(A very vivid dream, but a dream nonetheless. Dalton said it was 'just a dream' which reduced it to manageable for me. If it's only a dream I can control it. Right? What do you mean, no?)
It took him forever and a day to open my hands. In one was a broken lock, the inside of the tiny door handle, the mechanisms that failed. In the other was everything else, the air removed, sealed into a tiny package. I can add water later and it will grow back to normal. It took even longer for me to open my eyes, I had squeezed them shut tight against the lies and promises, against the epic block of time I would never get back again. Life is over before it's even begun, that's what this sign says, while the one up ahead says Hell: Next Exit.
We get off here, sweetheart.
He smiled when he said it, arm resting on the door sill, aviators in place, hair ruffling in the breeze.
I didn't even want to come here. I sit back and cross my arms. It's a momentary lapse, this outward petulance. I resume the vacant stare out the window. I've been subsisting on panic and silence. Neither contains enough fuel to see me through. I know the platitudes involve things like keeping my strength up and looking after myself but somehow that just happens and I'll have nothing to do with it. I can stand here on the side of the road and watch as I drive past and wave only I don't know where I'm going. I don't know what the directions mean or what hell even looks like. This is not the roadtrip I planned. This is not the life I lead. This was not how things are supposed to be.
Pull over, I tell him. It's not a request, it's an order so he does when he sees the panic in my eyes and I rush out the door, almost tripping in the dry tall grass on the shoulder and I bend over, automatically pulling my hair back with one hand. He comes around and puts his hands on my shoulders and I wait for the retching but it doesn't come. Why is my head spinning? My stomach is empty and he knows that so he yanks me back up to face him.
You lied, Bridget.
I nod. I'm not going to verbalize anything. I no longer care. I'm the passenger. This is not my trip.
Why did you lie?
Silence again. What am I supposed to tell him, that I thought I could pull it off? That I thought I could eat the cake, that I thought everything would work out, that I like to torture myself because I've never felt worthy of any more than that? Fuck him. He doesn't deserve an answer any more than I deserve to know the reason I'm here in the first place. A few words on a page and complete and total invisibility besides.

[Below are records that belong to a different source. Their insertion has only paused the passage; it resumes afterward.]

Lemma P_mdelay_at_hop t (l : nat -> nat) : (forall i, (1 <= i <= N)%N -> (0 < l i)%N) ->
  forall j (F : int -> set T) c, (j <= N)%N ->
  (forall s, indep_of (is_link_above (N - j)) (F s) c) ->
  P [set w | (forall i, (N - j < i <= N)%N -> mdelay X N t i w = l i) /\ F (hop X N t w j) w] =
  ((\prod_((N - j).+1 <= i < N.+1) ((1 - rho i) ^+ (l i).-1 * rho i)) * c)%:E.
Proof.
move=> lpos; elim=> [|j IH] F c jN HF.
  rewrite subn0 big_geq // mul1r -(indep_of_prob (HF t)); congr (P _).
  by apply/seteqP; split => [w [] //|w Fw]; split => // i; lia.
pose i0 := (N - j)%N.
have i0N : (1 <= i0 <= N)%N by rewrite /i0; lia.
have [l0 li0] : exists l0, l i0 = l0.+1 by case: (l i0) (lpos _ i0N) => // l0; exists l0.
pose G s := lookback_eq i0 s (l i0) `&` F (s - (l i0)%:Z).
have mdelay_i0 w : mdelay X N t i0 w = lookback (X (Some i0)) (hop X N t w j) w.
  by rewrite /mdelay (_ : (N - i0 = j)%N) //; rewrite /i0; lia.
have -> : [set w | (forall i, (N - j.+1 < i <= N)%N -> mdelay X N t i w = l i) /\
                   F (hop X N t w j.+1) w] =
          [set w | (forall i, (N - j < i <= N)%N -> mdelay X N t i w = l i) /\
                   G (hop X N t w j) w].
  apply/seteqP; split => w /= [Hl Fw].
    have m0 : mdelay X N t i0 w = l i0 by apply: Hl; rewrite /i0; lia.
    move: Fw => /=; rewrite -/i0 -mdelay_i0 m0 => Fw.
    by split=> [i ii|]; [apply: Hl; lia | rewrite /G /lookback_eq /= -mdelay_i0 m0].
  move: Fw; rewrite /G /lookback_eq /= -mdelay_i0 => -[m0 Fw].
  split; last by rewrite m0.
  move=> i ii; have [->//|ii0] := eqVneq i i0; apply: Hl; rewrite /i0 in ii0; lia.
rewrite (IH G ((1 - rho i0) ^+ (l i0).-1 * rho i0 * c)) ?(ltnW jN) //.
  rewrite (_ : (N - j.+1).+1 = i0)%N; last by rewrite /i0; lia.
  by rewrite [in RHS]big_ltn; [congr _%:E; ring | lia].
move=> s; rewrite /G li0 /= lookback_eqS_cylinder -(cylinder_prob_last_success i0 s l0).
apply: (indep_ofI (S := is_link_above (N - j.+1))) => //.
- by apply: admissible_link_window => /=; rewrite /i0; lia.
- by move=> x /mapP [k _ ->] /=; rewrite ltnn.
- by case => // i /=; lia.
Qed.

Definition gen_count (s : int) (l k : nat) : set T :=
  [set w | (\sum_(j < l) nat_of_bool (X None ((s - 1 - (j : nat)%:Z)%R : int) w))%N = k].

Lemma gen_count0 s k : gen_count s 0 k = if k is 0 then setT else set0.
Proof.
rewrite (_ : gen_count s 0 k = [set _ | 0%N = k]).
  by case: k => [|k]; apply/seteqP; split => w.
by apply/seteqP; split => w; rewrite /gen_count /= big_ord0.
Qed.
Lemma fl_src_uniq : uniq (map inl (hsrc G) : seq fl_V).
Proof. by rewrite map_inj_uniq ?hsrc_uniq // => ? ? []. Qed.

Definition flatten : hg A :=
  @HG A fl_V fl_E fl_lab fl_inc (map inl (hsrc G))
    fl_inc_size fl_inc_uniq fl_src_uniq.
End Flatten.

(* parallel composition of two sourced hypergraphs of the same arity:
   disjoint union, with the i-th source of [h] fused with the i-th source of [g] *)
Section Par.
Variables (A : rset) (g h : hg A) (p : harity g = harity h).

Definition par_V : finType := (hV g + nonsrc h)%type.
Definition par_E : finType := (hE g + hE h)%type.
Definition par_lab (e : par_E) : A :=
  match e with inl e => hlab e | inr e => hlab e end.
Definition par_inc (e : par_E) : seq par_V :=
  match e with
  | inl e => map inl (hinc e)
  | inr e => map (attach (p : size (hsrc g) = size (hsrc h))) (hinc e)
  end.

Lemma par_inc_size e : size (par_inc e) = rar (par_lab e).
Proof. by case: e => e /=; rewrite size_map hinc_size. Qed.

Lemma par_inc_uniq e : uniq (par_inc e).
Proof.
case: e => e /=; rewrite map_inj_uniq ?hinc_uniq //; first by move=> ? ? [].
exact: (@attach_inj _ _ _ _ (p : size (hsrc g) = size (hsrc h)) (hsrc_uniq g)).
Qed.

Lemma par_src_uniq : uniq (map inl (hsrc g) : seq par_V).
Proof. by rewrite map_inj_uniq ?hsrc_uniq // => ? ? []. Qed.

Definition hpar : hg A :=
  @HG A par_V par_E par_lab par_inc (map inl (hsrc g))
      par_inc_size par_inc_uniq par_src_uniq.
End Par.

Section AddSrc.
Variables (A : rset) (g : hg A).

Lemma addsrc_inc_size (e : hE g) : size (map Some (hinc e)) = rar (hlab e).
Proof. by rewrite size_map hinc_size. Qed.

Lemma addsrc_inc_uniq (e : hE g) : uniq (map Some (hinc e) : seq (option (hV g))).
Proof. by rewrite map_inj_uniq ?hinc_uniq // => ? ? []. Qed.

Lemma addsrc_src_uniq : uniq (rcons (map Some (hsrc g)) None).
Proof.
rewrite rcons_uniq map_inj_uniq ?hsrc_uniq ?andbT //; last by move=> ? ? [].
by apply/mapP => -[].
Qed.

Definition haddsrc : hg A :=
  @HG A (option (hV g) : finType) (hE g) (fun e => hlab e)
      (fun e => map Some (hinc e)) (rcons (map Some (hsrc g)) None)
      addsrc_inc_size addsrc_inc_uniq addsrc_src_uniq.
End AddSrc.

Section Forget.
Variables (A : rset) (k n : nat) (f : 'I_k -> 'I_n) (finj : injective f)
          (g : hg A) (p : harity g = n).

Lemma forget_lt (i : 'I_k) : f i < size (hsrc g).
Proof. by rewrite [size _]p ltn_ord. Qed.

Definition forget_src : seq (hV g) :=
  [seq nth_lt (forget_lt i) | i <- enum 'I_k].

Lemma forget_src_uniq : uniq forget_src.
Proof.
rewrite map_inj_uniq ?enum_uniq // => i j /=.
have x0 := nth_lt (forget_lt i); rewrite !(nth_ltE _ x0).
move/eqP; rewrite nth_uniq ?forget_lt ?hsrc_uniq // => /eqP E.
by apply: finj; apply: val_inj.
Qed.

Definition hforget : hg A :=
  @HG A (hV g) (hE g) (fun e => hlab e) (fun e => hinc e) forget_src
      (fun e => hinc_size e) (fun e => hinc_uniq e) forget_src_uniq.
End Forget.

Definition sum_ar (A B : rset) (s : (A + B)%type) : nat :=
  match s with inl a => rar a | inr b => rar b end.
Definition sumR (A B : rset) : rset := @RSet (A + B)%type (@sum_ar A B).

Definition copair_fun (S X : rset) (eta : rmap X (HR S)) (s : sumR (HR S) X)
  : HR S := match s with inl g => g | inr x => eta x end.

Lemma copair_funP (S X : rset) (eta : rmap X (HR S)) s :
  rar (copair_fun eta s) = rar s.
Proof. by case: s => // x; exact: (rfunP eta x). Qed.

Definition copair (S X : rset) (eta : rmap X (HR S)) : rmap (sumR (HR S) X) (HR S)
  := RMap (copair_funP eta).

Definition polyop (S X : rset) (t : hg (sumR (HR S) X)) (eta : rmap X (HR S))
  : hg S := flatten (relabel (copair eta) t).

(* H A is taken up to isomorphism: the product must be isomorphism invariant *)
Definition is_Halg (A : rset) (pi : rmap (HR A) A) : Prop :=
  [/\ forall g g' : hg A, iso (@eq A) g g' -> pi g = pi g',
      forall a : A, pi (hunit a) = a
    & forall G : hg (HR A), pi (relabel pi G) = pi (flatten G)].
Lemma tf_attn_average_swap x x' i p1 p2 : x i = x' i ->
  tf_M T x i = tf_M T x' i -> p1 != p2 ->
  tf_alpha Average T x i p1 = tf_alpha Average T x i p2 ->
  x p1 = x' p2 -> x p2 = x' p1 -> (forall p, p != p1 -> p != p2 -> x p = x' p) ->
  tf_attn Average T x i = tf_attn Average T x' i.
Proof.
move=> Ei EM ne_p Ealpha E1 E2 Eo; rewrite /tf_attn /tf_X Ei; congr (_ + _).
rewrite (bigD1 p1) // (bigD1 p1 (P := predT)) //=.
rewrite (bigD1 p2) 1?eq_sym // (bigD1 p2 (P := fun p => predT p && (p != p1))) /=;
  last by rewrite eq_sym.
rewrite !addrA; congr (_ + _).
  move: Ealpha; rewrite /tf_alpha /= -EM => ->.
  rewrite -E1 -E2 -!scalerDr !mulmxDr addrACA [in RHS]addrACA.
  by rewrite [_ *m tf_w T _ + _]addrC [_ *m tf_p T _ + _]addrC.
by rewrite /tf_alpha -EM; apply: eq_bigr => p /andP [ne1 ne2]; rewrite Eo.
Qed.

Lemma tf_outputs_eq_attn k x x' y y' :
  tf_attn k T x ord_max = tf_attn k T x' ord_max ->
  tf_outputs k T x y -> tf_outputs k T x' y' -> y = y'.
Proof.
move=> Eattn out_y out_y'; apply/eqP; apply: contraT => ne_y.
have ne_y' : y' != y by rewrite eq_sym.
have := out_y y' ne_y'; have := out_y' y ne_y.
rewrite /tf_logits Eattn => lt1 lt2.
by have := lt_trans lt1 lt2; rewrite ltxx.
Qed.

End HardAttention.

Definition slot_score (R : realType) n (T : transformer R n) (q m t : 'I_n) : R :=
  token_score T ord_max q (value_pos m) t.

Section Slots.
Variables (R : realType) (n : nat) (T : transformer R n) (q : 'I_n).
Local Notation tau := (slot_score T q).

(* Pair [j] of the input is [(pi j, v j)] with [pi = tperm m q]; as [pi] is
   an involution, this is the input for [f := v \o pi], with answer [v m]. *)
Definition slot_input (m : 'I_n) (v : 'I_n -> 'I_n) :=
  fe_input (v \o tperm m q) (tperm m q) q.

Lemma slot_input_last m v : slot_input m v ord_max = q.
Proof. exact: fe_input_last. Qed.

Lemma slot_input_value m v j : slot_input m v (value_pos j) = v j.
Proof. by rewrite /slot_input fe_input_value /= tpermK. Qed.

Lemma slot_input_neq m v v' p : slot_input m v p != slot_input m v' p ->
  exists2 j, p = value_pos j & v j != v' j.
Proof. by case/fe_input_neq => j -> /=; rewrite tpermK; exists j. Qed.

Lemma slot_input_score m v j :
  tf_score T (slot_input m v) ord_max (value_pos j) = tau j (v j).
Proof. by rewrite tf_scoreE slot_input_last slot_input_value. Qed.

Lemma slot_input_score_neq m v v' p :
  tf_score T (slot_input m v) ord_max p != tf_score T (slot_input m v') ord_max p ->
  slot_input m v p != slot_input m v' p.
Proof. by apply: tf_score_neq; rewrite !slot_input_last. Qed.

Lemma slot_input_outputs k m v :
  performs_fe k T -> tf_outputs k T (slot_input m v) (v m).
Proof. by move=> HT; have := HT (v \o tperm m q) (tperm m q) q; rewrite /= tpermR. Qed.

Definition pin_slot (m b t : 'I_n) (j : 'I_n) : 'I_n := if j == m then b else t.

He forces me back into the car, buckling the seatbelt around me, frowning at my obsolescence.
This is not a reason, it's a minimum at best, a tangent. A will to persevere in spite of nothing. Some will say it wasn't for nothing but that's a lie too and I see right through it. We drive through it and it spreads and dissipates onto the wind.
He takes the turn too fast but nothing happens. The car drives like it's on a rail. He smiles.
Almost home, Bridget. Then we can rest.
I've been here before. It hasn't changed a bit. It's exactly like I remember it and at the same time I have no memory of this at all.
This isn't my home.
Everyone feels like that at first. Just give it ti-
We need to turn around! I shout it and scare myself but Caleb just smiles.
Give it time, beautiful. All of this belongs to you now.